Действительно, трудно было поверить, что это та самая сцена! Особенно, когда на нее строем вышли «ханумки» в одинаковых халатах цвета хаки и низко надвинутых на лоб серых платках и с каменными лицами запели хором партию Вани из «Ивана Сусанина».
– Ну им же нельзя исполнять ничего легкомысленного! – шепнула начмедша, когда грянула музыка. – А вся героическая патетика у нас, как бы они к нам ни относились!
– Муж говорит, что тот откровенный спектакль шел вроде бы не здесь, а на сцене кинотеатра, – вставила моя мама.
– Ну да, на главной сцене было бы чересчур даже для шахской сестры! – шепотом согласилась раиска. – Послушайте, а поют-то неплохо!

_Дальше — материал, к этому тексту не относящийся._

(* Let $\mathcal C,\mathcal D$ be braided monoidal categories and $F:\mathcal D\to\mathcal C$ a braided monoidal functor. Let $\mathcal A$ be a $\mathcal C$-monoidal category, $\mathcal B$ a $\mathcal C$-category and $\omega:\mathcal B\to\mathcal A$ a $\mathcal C$-functor, and assume $\mathrm{coend}_{\mathcal C}(\omega)$ and $\mathrm{coend}_{\mathcal D}(\omega)$ exist. Then there is an induced epimorphism of coalgebras $\mathrm{coend}_F(\omega):\mathrm{coend}_{\mathcal D}(\omega)\to\mathrm{coend}_{\mathcal C}(\omega)$ in $\mathcal A$. If in addition the comodule $(\mathrm{coend}_{\mathcal C}(\omega),\Delta)$ is liftable along $\omega$, then $\mathrm{coend}_F(\omega)$ is a retraction in $\mathcal A$.
   Context: A $\mathcal K$-category ($\mathcal K$ monoidal) is a category $\mathcal B$ with a bifunctor $\otimes:\mathcal K\times\mathcal B\to\mathcal B$ and coherent natural isomorphisms $(X\otimes Y)\otimes P\cong X\otimes(Y\otimes P)$, $I\otimes P\cong P$; a $\mathcal K$-functor is a functor with a coherent natural isomorphism $\xi:\omega(X\otimes P)\to X\otimes\omega(P)$; a natural transformation $\varphi:\omega\to\omega'$ of $\mathcal K$-functors is a $\mathcal K$-morphism if $\xi'\varphi(X\otimes P)=(1_X\otimes\varphi(P))\xi$. $\mathcal A$ being $\mathcal C$-monoidal means $\mathcal A$ is a monoidal category and a $\mathcal C$-category whose tensor product is compatible with the $\mathcal C$-action via coherent isomorphisms, so that in particular $\omega\otimes M:P\mapsto\omega(P)\otimes M$ ($M\in\mathcal A$) is a $\mathcal C$-functor. Via $F$, every $\mathcal C$-category becomes a $\mathcal D$-category ($X\otimes P:=F(X)\otimes P$), every $\mathcal C$-functor a $\mathcal D$-functor with the same $\xi$, and every $\mathcal C$-morphism is a $\mathcal D$-morphism. For $\mathcal K\in\{\mathcal C,\mathcal D\}$, $\mathrm{coend}_{\mathcal K}(\omega)$ is an object of $\mathcal A$ representing $M\mapsto\mathrm{Nat}_{\mathcal K}(\omega,\omega\otimes M)$ ($\mathcal K$-morphisms), with universal morphism $\delta$ and coalgebra structure given by $(1\otimes\Delta)\delta=(\delta\otimes1)\delta$, $(1\otimes\varepsilon)\delta=$ canonical iso; each $\omega(P)$ is a comodule via $\delta$. $\mathrm{coend}_F(\omega)$ is the unique morphism $f$ with $(1_\omega\otimes f)\circ\partial=\delta$, where $\partial$ is the universal $\mathcal D$-morphism and $\delta$ the universal $\mathcal C$-morphism. A comodule $(P,\vartheta)$ is liftable along $\omega$ if there is $Q\in\mathcal B$ and a comodule isomorphism $(\omega(Q),\delta_Q)\cong(P,\vartheta)$. *)

Set Implicit Arguments.
Unset Strict Implicit.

И оркестр звучит вполне достойно! Не зря считается, что в Рудаки-холле была одна из сильнейших трупп в мире. Шахиня лично за этим следила. Хотя, говорят, в революцию половина труппы убежала на Запад.
Дальше мы молча слушали музыку. К концу первого отделения меня стало клонить в сон. Просто все произведения, как на подбор, были торжественно-печальными и не настраивали на бодрый лад. Мама заметила, что я тайком зеваю и принялась подозрительно на меня коситься, опасаясь, что я засну и опозорю ее на весь театр. Еще по дороге она стращала меня историей, как папа заснул на «Щелкунчике» и она от стыда чуть не провалилась под пол Большого театра, где этот кошмар произошел. Теперь она явно ожидала от меня проявлений «дурной туркменской наследственности».
На мое счастье, подоспел антракт.
Мы вышли в фойе, а оттуда прямо в цветущий сад с фонтанами – через специальную стеклянную галерею. В саду ханум, раздающие программки, заодно разливали чай и разносили на подносах «ширини» – сладости.
– Представляете, все это, – раиска обвела рукой парк с фонтанами и театральными зданиями, – шах подарил жене по случаю коронации! Мало того, что короновал, так еще и театр подарил!
– Подарок царский, – вздохнула Шурочка. – Но для этого надо родиться принцессой!
– А вот и нет! – возразила мадам Бобина. – Фарах-ханум из аристократического, конечно, рода, но не из королевского. И что вообще такое персидская аристократия, если они власть военными переворотами добывают? Отец нынешнего шаха был обычный сапог!
– Тише! – раиска округлила глаза и покосилась в сторону жены военного атташе. Она в сопровождении послихи, ггэски и торгпредши как раз приближалась к нам.
– Офицер, – поправилась мадам Бобина. – Но не принц же!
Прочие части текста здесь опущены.